Cover Story

Radio Voice of Southwestern

After 46 years, KRVS moves into its new campus studio with the same old mission — to enlighten and entertain — and a plan to create a local news program. The Avocado Room high atop the well-built Hotel Builtwell will be closed for a while; at least until Lee Kleinpeter can get a handle on the logistics of the new studio housing 88.7 FM KRVS. Kleinpeter, one of the iconic personalities at the public radio station on the UL Lafayette campus, has been broadcasting from the famous Avocado Room for years. So all the people looking for tickets, and you know who you are, will have to wait.
 
The host of “Big Band Swings,” “Old Gold” and other KRVS programs is just one of the numerous KRVS employees adjusting to life in their new digs in the renovated Burke-Hawthorne Hall. 
 
“I think I’m building up my calves and my thighs with all this rolling around,” Kleinpeter jokes, noting how in the old editing rooms, all you had to do was swivel in your chair to reach all the equipment. Now you have to roll around the room to reach everything. “I think it’s good for my gut, too.”
 
But transition takes time, and a feeling-out process. Not every employee has a key, so that places a little stress on the producers to rearrange their schedule to put time in for their shows. “I’m more concerned sometimes about getting in here; I’m not putting enough emphasis on the creativity end of the show,” admits Kleinpeter, who lives in New Iberia and also works at 1240 AM KANE.
 
Music Director Cecil Doyle says there had been talk of getting a new station for years, and naturally he was excited at the prospect of moving into a building designed specifically to be a radio station. Both Doyle and Kleinpeter are currently pre-recording their shows during the drawn-out move into the new space. Kleinpeter acknowledges that he misses the live aspect of shows. “There is a groove,” he says, referring to the dynamic aspect of producing a live show. “It’s kind of like cooking, some people pinch rather than measure.” 
 
Only a few of the producers are putting on live shows. “Back when I first started, we didn’t have any sort of automated system at all, so all programs had to be live, which is why a few people, a few of us older people, are still doing them live,” Doyle says.

Disc jockey Raul Breaux, above, pumps out the blues every Friday. Chief Engineer Karl Fontenot makes sure the pumps work.

Photo by Robin May

Having been at KRVS since 1992, when he began as a sub-host for “Earth Beats,” Doyle has seen the growth of the station and, while he looks forward to playing with all of the toys in this new facility, his heart will always be with the old building. He spent a majority of the last 15 years of his life there.
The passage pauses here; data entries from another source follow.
(** An (Omega,G)-decomposition of xi with index set I = 'I_r.  The local vector
    w^[i]_beta in W_i = 'M_(a i, b i) is given by its entries w i beta j k
    (only j < a i, k < b i are relevant). *)
Definition OG_decomposition (C : numClosedFieldType) (n : nat) (Omega : {set 'I_n.+1} -> nat)
  (G : Type) (inv : G -> G)
  (actV : G -> 'I_n.+1 -> 'I_n.+1) (actF : G -> Ftilde Omega -> Ftilde Omega)
  (a b : 'I_n.+1 -> nat) (xi : tensor C a b) (r : nat)
  (w : forall i : 'I_n.+1, {ffun Ftilde_i Omega i -> 'I_r} -> nat -> nat -> C) : Prop :=
  (forall (x : midx a) (y : midx b),
      xi x y = \sum_(alpha : {ffun Ftilde Omega -> 'I_r})
                 \prod_(i < n.+1) w i (restr alpha i) (midx_at x i) (midx_at y i)) /\
  (* w^[i]_beta = w^[gi]_{g beta}, where (g beta)(y) = beta(g^-1 y) *)
  (forall (i : 'I_n.+1) (g : G) (beta : {ffun Ftilde_i Omega i -> 'I_r})
          (gbeta : {ffun Ftilde_i Omega (actV g i) -> 'I_r}),
      (forall (y : Ftilde_i Omega (actV g i)) (x : Ftilde_i Omega i),
          val x = actF (inv g) (val y) -> gbeta y = beta x) ->
      forall j k : nat, (j < a i)%N -> (k < b i)%N ->
        w i beta j k = w (actV g i) gbeta j k).

Definition OG_rank_finite (C : numClosedFieldType) (n : nat) (Omega : {set 'I_n.+1} -> nat)
  (G : Type) (inv : G -> G)
  (actV : G -> 'I_n.+1 -> 'I_n.+1) (actF : G -> Ftilde Omega -> Ftilde Omega)
  (a b : 'I_n.+1 -> nat) (xi : tensor C a b) : Prop :=
  exists r : nat, exists w : forall i : 'I_n.+1, {ffun Ftilde_i Omega i -> 'I_r} -> nat -> nat -> C,
    OG_decomposition inv actV actF xi w.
He also has embarked on a big undertaking: arranging the station’s massive library of more than 12,000 compact discs and vinyl albums. An archive room is finally available for the producers to store their music, but Kleinpeter says he is wary of leaving some of the more pricey items of his collection at the station, and he brings most of his material to and from work. 
 
And he has a massive collection.
 
Kleinpeter began working for KRVS around the summer of 1990, about the time he began frequenting garage sales and flea markets building up his collection. A local man brings him a stack of 45s every once in a while, from which he finds new pieces for his collection. 
 
Kleinpeter has backed off his pursuit of the rarities in recent months; he will never play every compact disc or album in his collection. He produces four shows (“Born on the Bayou” and “Dirty Rice” are the other two) and carries a different briefcase full of music for each one. 
 
Meanwhile, Doyle produces “Medicine Ball Caravan,” Jah-Mon,” “Afternoon Classics,” “Earth Beat,” and “Sounds Unusual.”
 
Both men’s on-air persona belies their actual physical appearances. 
 
Doyle is an unassuming figure with — on bad hair days— a Sideshow Bob hairstyle and an assiduous stare when working the microphone and sound board, his voice almost surreal when it is heard live. Kleinpeter, the more chimerical of the two, projects his booming voice from a body that should be about 100 pounds heavier to be able to produce such vocals; gray hair creeps in around the not-so-neatly-trimmed beard, Taco Bell crumbs dotting the landscape.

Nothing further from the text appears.